– А чего ты не знаешь?
– Деньги у тебя есть?
– Сколько тебе взвесить денег, Варяг? – улыбнулся Гурьев. – Центнер, два?
– А центнер – это сколько?
– Смотря какими купюрами.
– Золотом.
– Метрический центнер?
– Слушай, кончай!
– Я тебе взвешу денег, Сан Саныч, – кивнул Гурьев. – Сколько надо – столько взвешу. Когда буду уверен, что всё идёт по нашему плану. Договорились?
– С тобой договоришься.
– Договоришься, если захочешь. Обо мне успеем, кое-что ведь тебе известно – основное. Зато я о тебе – ничего не знаю. Кто ты, Варяг? Чем дышишь?
– Воздухом дышу. Спёртым, – зло бросил Городецкий. – Ворованным, можно сказать. Я после этого случая понял, Гур: в розыске – потолок у меня. Розыскник – это полевой зверь. В каратели не пойду, а в розыске – выше начальника МУРа не прыгнуть. Дальше – политика начинается, и надо мараться. В принципе, не пугает это нисколько.
– Но?
– Не хочется – просто так. Ради дела – сколько угодно. А так…
– Тренироваться-то надо.
– Ты – много тренировался?!
– Мне хватило. Рассказывай.
– Да что рассказывать. В общем, обсудили мы всё с ребятами, с Батей. Ушёл я из розыска. А тут как раз – несколько вакансий в аппарате открылось. В промсекторе. Вот я и полез. И вылез.
– Тяжко?
– Есть такое дело.
– А что за человечка ты мне в Лондон присылал? Хороший человечек, правильный.

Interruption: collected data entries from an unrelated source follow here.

(* Let $P\in\mathbb{N}_0^{n\times n}$ be an incidence matrix with $n\geq 3$. If $P$ is positive upper triangular, i.e. $P_{ij}=0$ for $i>j$ and $P_{ij}\geq 1$ for all $i\leq j$, then $P$ exclusively represents reducible morphisms.
   Context: Let $\Sigma=\{a_1,\dots,a_n\}$. A morphism $\varphi:\Sigma^+\to\Sigma^+$ (non-empty images) is Parikh-positive if every letter occurs in $\varphi(a_1)\cdots\varphi(a_n)$. Its incidence matrix is $P(\varphi)=(m_{i,j})$ with $m_{i,j}=|\varphi(a_j)|_{a_i}$. An automorphism is an injective morphism mapping each letter to a single letter; a morphism is reducible if it equals $\psi_2\circ\psi_1$ with neither $\psi_1,\psi_2$ an automorphism. An incidence matrix $P$ exclusively represents reducible morphisms if every Parikh-positive morphism $\varphi$ with $P(\varphi)=P$ is reducible. *)

From mathcomp Require Import all_boot all_algebra.
Set Implicit Arguments. Unset Strict Implicit. Unset Printing Implicit Defensive.

(* Alphabet Sigma = {a_1,...,a_n} is 'I_n; words are seq 'I_n.
   A morphism Sigma^+ -> Sigma^+ is determined by the images of letters. *)
Definition morph (n : nat) := 'I_n -> seq 'I_n.

(* non-empty images (so that the morphism maps Sigma^+ into Sigma^+) *)
Definition nonerasing n (f : morph n) : Prop := forall a, f a != [::].

Definition ext n (f : morph n) (w : seq 'I_n) : seq 'I_n := flatten (map f w).

Definition mcomp n (g f : morph n) : morph n := fun a => ext g (f a).

Definition parikh_positive n (f : morph n) : Prop :=
  forall i : 'I_n, i \in flatten [seq f j | j <- enum 'I_n].

Definition incidence n (f : morph n) : 'M[nat]_n :=
  \matrix_(i, j) count_mem i (f j).

Definition automorphism n (f : morph n) : Prop :=
  injective (ext f) /\ forall a, size (f a) = 1%N.

Definition reducible n (f : morph n) : Prop :=
  exists g1 g2 : morph n,
    [/\ nonerasing g1, nonerasing g2, ~ automorphism g1, ~ automorphism g2
      & forall a, f a = mcomp g2 g1 a].

Definition exclusively_reducible n (P : 'M[nat]_n) : Prop :=
  forall f : morph n, nonerasing f -> parikh_positive f ->
    incidence f = P -> reducible f.

(* Upper triangularity with positive entries means that a_i occurs in phi(a_j)
   exactly when i <= j, so {a_1, a_2} is closed under phi.  Hence phi factors
   as psi2 o psi1, where psi1 agrees with phi on a_1, a_2 and fixes the other
   letters, and psi2 fixes a_1, a_2 and agrees with phi elsewhere.  Neither
   factor is an automorphism: psi1(a_2) = phi(a_2) contains a_1 and a_2, and
   psi2(a_3) = phi(a_3) contains a_1 and a_3. *)
From mathcomp Require Import all_boot all_algebra.

Set Implicit Arguments.
Unset Strict Implicit.
Unset Printing Implicit Defensive.

Definition restrict_morph n (S : pred 'I_n) (f : morph n) : morph n :=
  fun a => if S a then f a else [:: a].

Lemma mem_morph_incidence n (f : morph n) i j :
  (i \in f j) = (0 < incidence f i j)%N.
Proof. by rewrite mxE -has_count has_pred1. Qed.

Lemma ext_id_in n (g : morph n) (w : seq 'I_n) :
  {in w, forall x, g x = [:: x]} -> ext g w = w.
Proof.
elim: w => [|x w IHw] gw //.
rewrite /ext /= gw ?mem_head //; congr (_ :: _).
by apply: IHw => y wy; rewrite gw // in_cons wy orbT.
Qed.

Lemma nonerasing_restrict n (S : pred 'I_n) (f : morph n) :
  nonerasing f -> nonerasing (restrict_morph S f).
Proof. by move=> nf a; rewrite /restrict_morph; case: ifP. Qed.

Lemma mcomp_restrictC n (S : pred 'I_n) (f : morph n) :
  (forall a, S a -> all S (f a)) ->
  forall a, mcomp (restrict_morph (predC S) f) (restrict_morph S f) a = f a.
Proof.
move=> closedS a; rewrite /mcomp /restrict_morph; case: ifP => Sa.
  by apply: ext_id_in => x /(allP (closedS a Sa)) /= ->.
by rewrite /ext /= Sa cats0.
Qed.

Lemma not_automorphism_of_pair n (f : morph n) a (x y : 'I_n) :
  x != y -> x \in f a -> y \in f a -> ~ automorphism f.
Proof.
move=> neq_xy xfa yfa [_ /(_ a)].
case: (f a) xfa yfa => [|z [|? ?]] //=; rewrite !mem_seq1 => /eqP xz /eqP yz.
by move: neq_xy; rewrite xz yz eqxx.
Qed.

Lemma reducible_restrict n (S : pred 'I_n) (f : morph n) a b (x y u v : 'I_n) :
  nonerasing f -> (forall c, S c -> all S (f c)) ->
  S a -> x != y -> x \in f a -> y \in f a ->
  ~~ S b -> u != v -> u \in f b -> v \in f b ->
  reducible f.
Proof.
move=> nf closedS Sa neq_xy xfa yfa Sb neq_uv ufb vfb.
exists (restrict_morph S f), (restrict_morph (predC S) f); split.
- exact: nonerasing_restrict.
- exact: nonerasing_restrict.
- by apply: (not_automorphism_of_pair (a := a) neq_xy);
    rewrite /restrict_morph Sa.
- by apply: (not_automorphism_of_pair (a := b) neq_uv);
    rewrite /restrict_morph /= Sb.
- by move=> c; rewrite mcomp_restrictC.
Qed.

Theorem proposition20 (n : nat) (P : 'M[nat]_n) :
  (3 <= n)%N ->
  (forall i j : 'I_n, (j < i)%N -> P i j = 0%N) ->
  (forall i j : 'I_n, (i <= j)%N -> (1 <= P i j)%N) ->
  exclusively_reducible P.
Proof.
move=> n_ge3 P_lower P_upper f nf _ fP.
have memf i j : (i \in f j) = (i <= j)%N.
  rewrite mem_morph_incidence fP.
  by case: (leqP i j) => [/P_upper | /P_lower ->].
pose a1 := Ordinal (leq_trans (isT : 0 < 3)%N n_ge3).
pose a2 := Ordinal (leq_trans (isT : 1 < 3)%N n_ge3).
pose a3 := Ordinal n_ge3.
apply: (@reducible_restrict _ (fun c : 'I_n => c <= 1)%N f a2 a3 a1 a2 a1 a3);
  rewrite ?memf //.
by move=> c c_le1; apply/allP => x; rewrite memf => /leq_trans; apply.
Qed.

– А то, – довольно улыбнулся Городецкий. – В наркомвнешторге работает. С отцом вместе служил по молодости, потом пошёл по коммерческой части. А остальное всё – дело техники. Есть в госбезопасности пара человек, но – на волоске висят. Буквально. У Ягоды, похоже, дела не очень – сейчас ему Хозяин его троцкизм припомнит. А такие дубы в одиночку не валятся – непременно подлесок за собой потянет.
– Хозяин? – усмехнулся Гурьев.
– Сталин.
– А ничего. Звучит. Что-то есть. Слушай, а как ты мне Ротшильда сдать умудрился?
– Это не я, – ощерился Городецкий. – Это политика теперь новая. Коминтерн прикручивают, и жидков коминтерновских – в первую очередь.
– Ага, – покладисто кивнул Гурьев. – Новая мода, значит. Выходит, правильно я угадал. Это мы, часом, не Гитлера ли полюбили?
– Нет, это свои нюансы. Конкуренция и всё такое. Все евреи – троцкисты, ты что, не знаешь? А не троцкисты – так зиновьевцы.
– Хорошо, что мы с тобой, Варяг, настоящие природные русские люди. Ты – совсем, а я – хоть наполовину.
– Не трусь, у тебя анкета с виду вполне даже ничего. Всё-таки – Ольга Ильинична Уткина, а не Циля Моисеевна Шнеерзон.
– Ну да. А кстати, мне прописочка требуется. Посодействуешь?
– Вопрос на контроле, – кивнул Городецкий. – А ты с чем приехал-то?!
– Ну, с этим у меня проблем нет. Как говорится, лучше настоящих. Ну, поменять придётся, конечно.
– И это сделаем. А имя? Ты под своим именем въезжал?
– Имя – Яков Кириллович. Это нормально. А вот фамилия у меня другая будет.
– Да-а-а?! И какая же?!
– Царёв.
– Чего так?
– А так. Потом расскажу.
– Да всё сделаем, в цвет всё будет, Гур. Всё и впишем – имя да фамилию. И паспорт, и трудовую карточку. Знаешь, что такое?
– Конечно, знаю. И кем ты меня собираешься – как это теперь называется – оформить?
– А кем захочешь. Могу даже в аппарат устроить.
– А должность?
– Истопником, понятное дело, – Городецкий посмотрел на Гурьева.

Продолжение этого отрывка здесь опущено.